Another very interesting fact is that royalties actually make up only a small part of the total income from mountain climbing expeditions. In 2011, 806 climbers paid USD 3.14 million as royalty to the Nepal government for mountain climbing, while they spent USD 11.78 million on other expenses The latter included staff and porter wages, along with high altitude incentives; accommodations and food; kitchen and camping equipment; local charges and fees; insurance; local air and surface transport; etc. Here, it should be noted that the above figures are aside from the earnings of Nepal Mountaineering Association, which has the authority to issue permits for climbing 33 peaks. Whichever way you look at it, it’s a fact that mountain climbing expeditions spend about 3.75 times more on other things than on royalty alone. Now, here’s another fact that should be taken into account. While the average income/capita for mountain climbers was USD 14,619.30 in 2011, the national average tourism income/capita in the same year was only USD 500.9.
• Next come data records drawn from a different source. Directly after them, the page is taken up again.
(** ** The profiles [g], [H] and the function [2 sinh(u/2)] *)

(** [g u = 1 / cosh(u/2)]: the Bhattacharyya coefficient of the binary
    distribution with log-likelihood ratio [u]. *)
Definition bhat_profile (u : R) : R := 2 * exp (u/2) / (1 + exp u).

(** The entropy, in nats, of the binary distribution with log-ratio [u]. *)
Definition ent_profile (u : R) : R := ln (1 + exp u) - u * exp u / (1 + exp u).

Definition sinh2 (u : R) : R := exp (u/2) - exp (- (u/2)).

Lemma bhat_profile_pos (u : R) : 0 < bhat_profile u.
Proof.
  unfold bhat_profile. pose proof (exp_pos (u/2)). pose proof (exp_pos u).
  apply Rdiv_lt_0_compat; lra.
Qed.

Lemma sinh2_0 : sinh2 0 = 0.
Proof. unfold sinh2. replace (0/2) with 0 by field. rewrite Ropp_0. ring. Qed.

Lemma sinh2_nonneg (u : R) : 0 <= u -> 0 <= sinh2 u.
Proof.
  intros Hu. unfold sinh2.
  destruct (Req_dec u 0) as [->|Hu0].
  - replace (0/2) with 0 by field. rewrite Ropp_0. lra.
  - pose proof (exp_increasing (- (u/2)) (u/2) ltac:(lra)). lra.
Qed.

(** [sinh x <= x cosh x] for [x >= 0]: the numerator of the derivative of
    [sinh2 u / u] is nonnegative. *)
Lemma sinh2_le_u_cosh (u : R) : 0 <= u ->
  sinh2 u <= u * (exp (u/2) + exp (- (u/2))) / 2.
Proof.
  intros Hu.
  set (f x := x * (exp (x/2) + exp (- (x/2))) / 2 - sinh2 x).
  enough (f 0 <= f u) by (unfold f in *; rewrite sinh2_0 in *; lra).
  apply (nondecreasing_of_deriv f (fun x => x * sinh2 x / 4)); [exact Hu| |].
  - intros x _. unfold f, sinh2. auto_derive; [auto|].
    change (x * / 2) with (x/2). field.
  - intros x Hx. pose proof (sinh2_nonneg x ltac:(lra)).
    apply Rmult_le_pos; [nra | lra].
Qed.

Lemma sinh2_ratio_mono (w v : R) : 0 < w -> w <= v -> sinh2 w * v <= sinh2 v * w.
Proof.
  intros Hw Hwv.
  assert (Hratio : sinh2 w / w <= sinh2 v / v).
  { apply (nondecreasing_of_deriv (fun u => sinh2 u / u)
      (fun u => (u * (exp (u/2) + exp (- (u/2))) / 2 - sinh2 u) / (u*u))); [exact Hwv| |].
    - intros x Hx. unfold sinh2. auto_derive; [lra|].
      change (x * / 2) with (x/2). field. lra.
    - intros x Hx. pose proof (sinh2_le_u_cosh x ltac:(lra)).
      apply Rdiv_le_0_compat; nra. }
  apply (Rmult_le_compat_r (w*v)) in Hratio; [|nra].
  replace (sinh2 w / w * (w * v)) with (sinh2 w * v) in Hratio by (field; lra).
  replace (sinh2 v / v * (w * v)) with (sinh2 v * w) in Hratio by (field; lra).
  exact Hratio.
Qed.

Lemma ent_profile_le_inv (w : R) : 0 < w -> ent_profile w <= 5 / w.
Proof.
  intros Hw. unfold ent_profile.
  set (E := exp w).
  assert (HE : 0 < E) by apply exp_pos.
  assert (HE2 : w*w/4 + w <= E).
  { assert (1 + w/2 <= exp (w/2)) by apply exp_ineq1_le.
    unfold E. rewrite exp_half. nra. }
  assert (Hln : ln (1 + E) <= w + / E).
  { replace (1 + E) with (E * (1 + / E)) by (field; lra).
    assert (0 < /E) by (apply Rinv_0_lt_compat; lra).
    rewrite ln_mult by lra. unfold E at 1. rewrite ln_exp.
    pose proof (exp_ineq1_le (ln (1 + / E))). rewrite exp_ln in *; lra. }
  assert (Hinv : / E <= 1 / w).
  { unfold Rdiv. rewrite Rmult_1_l. apply Rinv_le_contravar; nra. }
  assert (Hq : w - w * E / (1 + E) <= 4 / w).
  { replace (w - w * E / (1 + E)) with (w / (1+E)) by (field; lra).
    apply (Rmult_le_reg_r (w * (1+E))); [nra|].
    replace (w / (1 + E) * (w * (1 + E))) with (w*w) by (field; lra).
    replace (4 / w * (w * (1 + E))) with (4 * (1+E)) by (field; lra).
    nra. }
  replace (5 / w) with (1/w + 4/w) by (field; lra).
  lra.
Qed.

(** ** The gap function [a * g - b * H] *)

Definition gap (a b u : R) : R := a * bhat_profile u - b * ent_profile u.

(** Its derivative has the sign of [b u - a sinh2 u]. *)
Definition gap_slope (a b u : R) : R := b * u - a * sinh2 u.

Lemma gap_deriv (a b u : R) :
  is_derive (gap a b) u (gap_slope a b u * exp u / (1 + exp u)^2).
Proof.
  unfold gap, gap_slope, bhat_profile, ent_profile, sinh2.
  pose proof (exp_pos u) as Hu.
  auto_derive; [lra|].
  rewrite exp_Ropp, (exp_half u).
  change (u * / 2) with (u/2). pose proof (exp_pos (u/2)).
  field. split; [lra | nra].
Qed.
(* [(x, v)] lies above a point of the segment from [(e, r)] to the graph of [f];
   for [t = 1] the convention [0 * +oo = 0] makes [y] irrelevant. *)
Definition hull_epi x v := exists t y, 0 <= t <= 1 /\ x = t *: e + (1 - t) *: y /\
  ((t * r)%:E + (1 - t)%:E * f y <= v%:E)%E.

Lemma hull_epi_point : hull_epi e r.
Proof.
exists 1, 0; split; first by rewrite lexx ler01.
by rewrite subrr scale0r scale1r addr0 mul0e adde0 mul1r.
Qed.

Lemma hull_epi_graph x v : f x = v%:E -> hull_epi x v.
Proof.
move=> fx; exists 0, x; split; first by rewrite lexx ler01.
by rewrite scale0r add0r subr0 scale1r mul0r add0e mul1e fx.
Qed.

Lemma hull_epi_comb x1 x2 v1 v2 (l : R) : 0 <= l <= 1 ->
  hull_epi x1 v1 -> hull_epi x2 v2 ->
  hull_epi (l *: x1 + (1 - l) *: x2) (l * v1 + (1 - l) * v2).
Proof.
move=> /andP[l_ge0 l_le1] [t1 [y1 [/andP[t1_ge0 t1_le1] [-> le1]]]]
  [t2 [y2 [/andP[t2_ge0 t2_le1] [-> le2]]]].
set a := l * (1 - t1); set b := (1 - l) * (1 - t2); set T := l * t1 + (1 - l) * t2.
have a_ge0 : 0 <= a by rewrite mulr_ge0 // subr_ge0.
have b_ge0 : 0 <= b by rewrite mulr_ge0 // subr_ge0.
have ab : a + b = 1 - T by rewrite /a /b /T; ring.
have [y [y_eq fy_le]] := convex_conic y1 y2 a_ge0 b_ge0.
exists T, y; split; first by apply/andP; split; rewrite /T; nra.
split.
  rewrite -ab -y_eq !scalerDr !scalerA scalerDl -!addrA; congr (_ + _).
  by rewrite addrCA.
rewrite -ab; apply: le_trans (leeD2l _ fy_le) _.
have -> : ((T * r)%:E + (a%:E * f y1 + b%:E * f y2) =
    l%:E * ((t1 * r)%:E + (1 - t1)%:E * f y1) +
    (1 - l)%:E * ((t2 * r)%:E + (1 - t2)%:E * f y2))%E.
  rewrite !muleDr ?fin_num_adde_defr // !muleA -!EFinM addeACA -EFinD.
  by rewrite /T !mulrA -mulrDl.
rewrite [leRHS]EFinD ![in leRHS]EFinM.
by apply: leeD; apply: lee_wpmul2l => //; rewrite lee_fin; lra.
Qed.

End Hull.
End ProperConvex.

Section EpigraphInf.
Variables (R : realType) (B : completeNormedModType R) (G : B -> set R) (m : B -> R).
Hypothesis G_lb : forall x v, G x v -> m x <= v.
Hypothesis G_comb : forall x1 x2 v1 v2 (l : R), 0 <= l <= 1 -> G x1 v1 -> G x2 v2 ->
  G (l *: x1 + (1 - l) *: x2) (l * v1 + (1 - l) * v2).

Definition epi_inf x : \bar R := ereal_inf [set v%:E | v in G x].

Lemma epi_inf_fin x : G x !=set0 -> epi_inf x = (inf (G x))%:E.
Proof. by move=> Gx0; apply: ereal_inf_EFin => //; exists (m x) => v /G_lb. Qed.

Lemma epi_inf_pinfty x : ~ (G x !=set0) -> epi_inf x = +oo%E.
Proof.
move=> Gx0; rewrite /epi_inf; suff -> : G x = set0 by rewrite image_set0 ereal_inf0.
by apply/seteqP; split => // v Gv; apply: Gx0; exists v.
Qed.

Lemma epi_inf_le x v : G x v -> (epi_inf x <= v%:E)%E.
Proof. by move=> Gv; apply: ereal_inf_lbound; exists v. Qed.

Lemma epi_inf_ge x : ((m x)%:E <= epi_inf x)%E.
Proof.
have [Gx|Gx] := pselect (G x !=set0); last by rewrite epi_inf_pinfty ?leey.
by rewrite epi_inf_fin // lee_fin; apply: lb_le_inf => // v /G_lb.
Qed.

Lemma epi_inf_neq_ninfty x : epi_inf x != -oo%E.
Proof. by apply: contraTneq (epi_inf_ge x) => ->; rewrite leeNy_eq. Qed.

Lemma epi_inf_convex : proper_convex epi_inf.
Proof.
split => [|x1 x2 l l01]; first exact: epi_inf_neq_ninfty.
have /andP[l_ge0 l_le1] := l01.
have [G1|G1] := pselect (G x1 !=set0); last first.
  have [->|l_neq0] := eqVneq l 0.
    by rewrite scale0r add0r subr0 scale1r mul0e add0e mul1e.
  rewrite (epi_inf_pinfty G1) gt0_muley ?lte_fin ?lt_def ?l_neq0 // addye ?leey //.
  by apply: ge0_mule_neqNy; [lra | exact: epi_inf_neq_ninfty].
have [G2|G2] := pselect (G x2 !=set0); last first.
  have [->|l_neq1] := eqVneq l 1.
    by rewrite scale1r subrr scale0r addr0 mul1e mul0e adde0.
  rewrite (epi_inf_pinfty G2) gt0_muley; last by rewrite lte_fin subr_gt0 lt_neqAle l_neq1.
  rewrite addey ?leey //.
  by apply: ge0_mule_neqNy => //; exact: epi_inf_neq_ninfty.
have [v1 Gv1] := G1; have [v2 Gv2] := G2; have l'_ge0 : 0 <= 1 - l by lra.
rewrite (epi_inf_fin G1) (epi_inf_fin G2) epi_inf_fin; last first.
  by exists (l * v1 + (1 - l) * v2); exact: G_comb.
rewrite -!EFinM -EFinD lee_fin.
apply: le_inf_comb (@G_lb x1) (@G_lb x2) l_ge0 l'_ge0 G1 G2 _ => u1 u2 Gu1 Gu2.
exact: inf_le_mem (@G_lb _) (G_comb l01 Gu1 Gu2).
Qed.

End EpigraphInf.

(** * Minimal convex majorants of q *)

Section QuadraticForm.
Variables (R : realType) (B : completeNormedModType R) (bf : B -> B -> R).
Hypothesis bf_sym : sym_bilinear bf.
Local Notation q := (qform bf).

Lemma bfDl x y z : bf (x + y) z = bf x z + bf y z. Proof. exact: bf_sym.1. Qed.
Lemma bfZl (a : R) x y : bf (a *: x) y = a * bf x y. Proof. exact: bf_sym.2.1. Qed.
Lemma bfC x y : bf x y = bf y x. Proof. exact: bf_sym.2.2. Qed.
Lemma bfDr x y z : bf z (x + y) = bf z x + bf z y.
Proof. by rewrite bfC bfDl bfC (bfC y). Qed.
Lemma bfZr (a : R) x y : bf y (a *: x) = a * bf y x.
Proof. by rewrite bfC bfZl bfC. Qed.
Lemma bfNl x y : bf (- x) y = - bf x y.
Proof. by rewrite -scaleN1r bfZl mulN1r. Qed.
Lemma bfNr x y : bf y (- x) = - bf y x.
Proof. by rewrite bfC bfNl bfC. Qed.

Definition bfE := (bfDl, bfDr, bfZl, bfZr, bfNl, bfNr).

Lemma qformD x y : q (x + y) = q x + bf x y + q y.
Proof. by rewrite /qform !bfE (bfC y x); field. Qed.

Lemma qformB x y : q (x - y) = q x - bf x y + q y.
Proof. by rewrite /qform !bfE (bfC y x); field. Qed.

Lemma qformN x : q (- x) = q x.
Proof. by rewrite /qform !bfE opprK. Qed.

Lemma qform_comb (t : R) x y : q (t *: x + (1 - t) *: y) =
  t ^+ 2 * q x + t * (1 - t) * bf x y + (1 - t) ^+ 2 * q y.
Proof. by rewrite /qform !bfE (bfC y x); field. Qed.

Lemma qform_ge x : dual_norm_eq bf x -> - (`|x| ^+ 2 / 2) <= q x.
Proof.
move=> [x_norm _]; have := x_norm x; rewrite ler_norml => /andP[+ _].
by rewrite /qform expr2; lra.
Qed.

Lemma Phi_convex (M : set B) : M !=set0 -> proper_convex (Phi bf M).
Proof.
move=> [a0 Ma0]; split=> [x|x y l /andP[l_ge0 l_le1]].
  have : ((bf x a0 - q a0)%:E <= Phi bf M x)%E by apply: ereal_sup_ubound; exists a0.
  by apply: contraTneq => ->; rewrite leeNy_eq.
apply: ge_ereal_sup => _ [a Ma <-].
have -> : bf (l *: x + (1 - l) *: y) a - q a =
    l * (bf x a - q a) + (1 - l) * (bf y a - q a) by rewrite bfDl !bfZl; ring.
rewrite EFinD !EFinM; apply: leeD; apply: lee_wpmul2l; rewrite ?lee_fin ?subr_ge0 //;
  by apply: ereal_sup_ubound; exists a.
Qed.

End QuadraticForm.

Section MinimalMajorant.
Variables (R : realType) (B : completeNormedModType R) (bf : B -> B -> R).
Hypothesis bf_sym : sym_bilinear bf.
Variable f : B -> \bar R.
Hypothesis f_min : minimal_convex_majorant_q bf f.
Local Notation q := (qform bf).

Let f_proper := f_min.1.1.
Let f_ge_q := f_min.1.2.

Lemma fine_dom x : f x != +oo%E -> f x = (fine (f x))%:E.
Proof. by move=> Dx; rewrite fineK // fin_numE Dx f_proper.1. Qed.

Section Contact.
Variable e : B.
Hypothesis f_ge_aff : forall c, ((bf c e - q e)%:E <= f c)%E.

Lemma hull_epi_ge_q x v : hull_epi f e (q e) x v -> q x <= v.
Proof.
move=> [t [y [/andP[t_ge0 t_le1] [-> le_v]]]].
have [t1|t_neq1] := eqVneq t 1.
  by move: le_v; rewrite t1 subrr scale0r addr0 scale1r mul0e adde0 mul1r lee_fin.
have t'_gt0 : 0 < 1 - t by rewrite subr_gt0 lt_neqAle t_neq1.
move: le_v (f_ge_q y) (f_ge_aff y) (f_proper.1 y); case: (f y) => [Fy||] //; last first.
  by rewrite gt0_muley ?lte_fin // addey.
rewrite -EFinM -EFinD !lee_fin => le_v q_le aff_le _.
apply: le_trans le_v; rewrite qform_comb // (bfC bf_sym e y).
have gap1 : 0 <= (1 - t) * t * (Fy - (bf y e - q e)).
  by rewrite !mulr_ge0 ?subr_ge0 // ltW.
have gap2 : 0 <= (1 - t) * (1 - t) * (Fy - q y) by rewrite !mulr_ge0 ?subr_ge0 // ltW.
rewrite !expr2; nra.
Qed.

Lemma contact_of_affine_minorant : f e = (q e)%:E.
Proof.
pose g := epi_inf (hull_epi f e (q e)).
have g_convex : proper_convex g.
  exact: epi_inf_convex hull_epi_ge_q (@hull_epi_comb _ _ _ f_proper e (q e)).
have g_le_f x : (g x <= f x)%E.
  have [Dx|] := boolP (f x != +oo%E); last by rewrite negbK => /eqP ->; exact: leey.
  by rewrite fine_dom //; apply: epi_inf_le; apply: hull_epi_graph; exact: fine_dom.
have g_eq_f := f_min.2 g (conj g_convex (epi_inf_ge hull_epi_ge_q)) g_le_f.
apply/le_anti; rewrite f_ge_q andbT -g_eq_f.
exact/epi_inf_le/hull_epi_point.
Qed.

End Contact.

Lemma affine_minorant_of_contact a b : f a = (q a)%:E -> ((bf b a - q a)%:E <= f b)%E.
Proof.
move=> fa; have [Db|] := boolP (f b != +oo%E); last by rewrite negbK => /eqP ->; exact: leey.
have Da : f a != +oo%E by rewrite fa.
rewrite (fine_dom Db) lee_fin; set X := bf b a - q a.
(* [q <= f] on the segment from [a] to [b], as the point approaches [a] *)
apply: (@le_of_sub_eps _ _ _ `|X - q b| (normr_ge0 _)) => s /andP[s_gt0 s_le1].
have s01 : 0 <= 1 - s <= 1 by apply/andP; split; lra.
have ss : 1 - (1 - s) = s by ring.
have [Dc Fc] := proper_convex_dom f_proper Da Db s01.
rewrite fa ss /= in Fc.
have q_seg := f_ge_q ((1 - s) *: a + (1 - (1 - s)) *: b).
rewrite (fine_dom Dc) lee_fin qform_comb // (bfC bf_sym a b) ss in q_seg.
have abs_le : s * (s * (X - q b)) <= s * (s * `|X - q b|) by rewrite !ler_pM2l // ler_norm.
by rewrite -(ler_pM2l s_gt0); rewrite /X !expr2 in abs_le q_seg *; nra.
Qed.

Hypothesis bf_linear : forall b, cont_linear_functional (fun x => bf x b).
Hypothesis bf_dual_norm : forall b, dual_norm_eq bf b.
Hypothesis bf_onto : forall phi, cont_linear_functional phi ->
  exists b, forall x, phi x = bf x b.

(* Shifting by [b] and subtracting the affine part of [q] turns [f >= q] into
   [K >= - `|.|^2 / 2]; the duality lemma then yields the point [e = d + b]. *)
Lemma exists_contact_point b : exists a, f a = (q a)%:E /\ q (b - a) <= 0.
Proof.
pose D z := f (z + b) != +oo%E.
pose K z := fine (f (z + b)) - bf z b - q b.
have K_convex : convex_on D K.
  move=> x y l Dx Dy l01; have := proper_convex_dom f_proper Dx Dy l01.
  rewrite !scalerDr addrACA -scalerDl subrKC scale1r => -[Dc Fc].
  by split => //; rewrite /K (bfDl bf_sym) !(bfZl bf_sym); lra.
have K_lb z : D z -> 0 <= K z + `|z| ^+ 2 / 2.
  move=> Dz; have := f_ge_q (z + b); rewrite (fine_dom Dz) lee_fin qformD //.
  by have := qform_ge (bf_dual_norm z); rewrite /K; lra.
have [d d_le] := half_sqr_norm_duality bf_linear bf_dual_norm bf_onto K_convex K_lb.
have q_d := qform_ge (bf_dual_norm d).
have f_ge_aff c : ((bf c (d + b) - q (d + b))%:E <= f c)%E.
  have [Dc|] := boolP (f c != +oo%E); last by rewrite negbK => /eqP ->; exact: leey.
  have := d_le (c - b); rewrite /D /K subrK => /(_ Dc); rewrite (fine_dom Dc) lee_fin.
  by rewrite qformD // !(bfE bf_sym) (bfC bf_sym b d) /=; move: q_d; rewrite /qform; lra.
have fe := contact_of_affine_minorant f_ge_aff.
exists (d + b); split => //.
have := d_le d; rewrite /D /K fe /= qformD // => /(_ isT).
rewrite opprD addrCA subrr addr0 qformN // /qform; have := sqr_ge0 `|d|; lra.
Qed.

Definition contact := [set a | f a = (q a)%:E].

Lemma contact_neq0 : contact !=set0.
Proof. by have [a [fa _]] := exists_contact_point 0; exists a. Qed.

Lemma Phi_contact_le b : (Phi bf contact b <= f b)%E.
Proof. by apply: ge_ereal_sup => _ [a Ma <-]; exact: affine_minorant_of_contact. Qed.

Lemma qform_le_Phi_contact b : ((q b)%:E <= Phi bf contact b)%E.
Proof.
have [a [fa q_le0]] := exists_contact_point b.
apply: (@le_trans _ _ (bf b a - q a)%:E); last by apply: ereal_sup_ubound; exists a.
by rewrite lee_fin; move: q_le0; rewrite qformB //; lra.
Qed.

Lemma Phi_contact : Phi bf contact = f.
Proof.
apply: f_min.2 Phi_contact_le; split; last exact: qform_le_Phi_contact.
exact: Phi_convex contact_neq0.
Qed.

Lemma contact_max_q_positive : max_q_positive bf contact.
Proof.
split=> [|A [_ A_pos] sub_A].
  split=> [|a c Ma Mc]; first exact: contact_neq0.
  by have := affine_minorant_of_contact a Mc; rewrite Ma lee_fin qformB //; lra.
apply/seteqP; split => // c Ac; apply/le_anti; rewrite f_ge_q andbT -Phi_contact.
apply: ge_ereal_sup => _ [a Ma <-]; rewrite lee_fin.
by have := A_pos c a Ac (sub_A a Ma); rewrite qformB //; lra.
Qed.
Therefore, it must be accepted that mountain climbing expeditions have a big role to play in Nepal tourism. Not only because mountain climber per capita income is way higher, but also because a lot of money is spent on the local economy of the sites the expeditions are going to. I don’t know how true this is, but somebody once told me that international NGOs came to the conclusion a long time back that the Sherpa people did not need any more of aid and such things since they had already become pretty prosperous through mountain tourism. However, according to Tshering Gyaltsen Sherpa, an entrepreneur known for his pioneering work in developing communications in the high Himalayan region, and establishing the world’s highest internet café, there are many Sherpas who face hardships. This is primarily due to the exorbitant prices of daily necessities in high altitude areas. Whatever the case may be, there is no doubting that the locals of the Himalayan region have benefited tremendously from mountain tourism.
And, it is not only mountain climbing expeditions that have done so; the trekking expeditions are equally to be thanked for their contribution, and why shouldn’t they? After all, trekking in Nepal is famed worldwide. For instance, the Annapurna Circuit Trek has been reported to be one of the best 12 walks in the whole wide world according to the U.S. Travel magazine. Similarly, the Everest Base Camp Trek has been recommended by the U.K. Observer as one of the top 20 journeys of a lifetime. Indeed, trekking in Nepal is one of the most popular activities for all people seeking adventure tourism, and this is really good for the development of the local economies in the country since most of the money spent goes towards the local people running eateries, lodgings, and so forth. Now, efforts are being made to develop adventure sports like paragliding, canyoning, bungy jumping, etc., all of which are mountain based activities. In fact, Nepal is already regarded as the world’s fifth best paragliding destination, and the fourth to conduct bungy jumping professionally. Oh yes, Nepal tourism is rife with the spirit of adventure, whether it be mountain climbing, trekking, or adventure sports, with the common factor between them being the high mountains of the country.
Whatever activity you prefer, you can be sure about an experience of a lifetime, and also that your money is going to the right places, that is, towards the enhancement of living standards of the locals of the Himalayan region. Most certainly, mountain tourism at its best is what we say!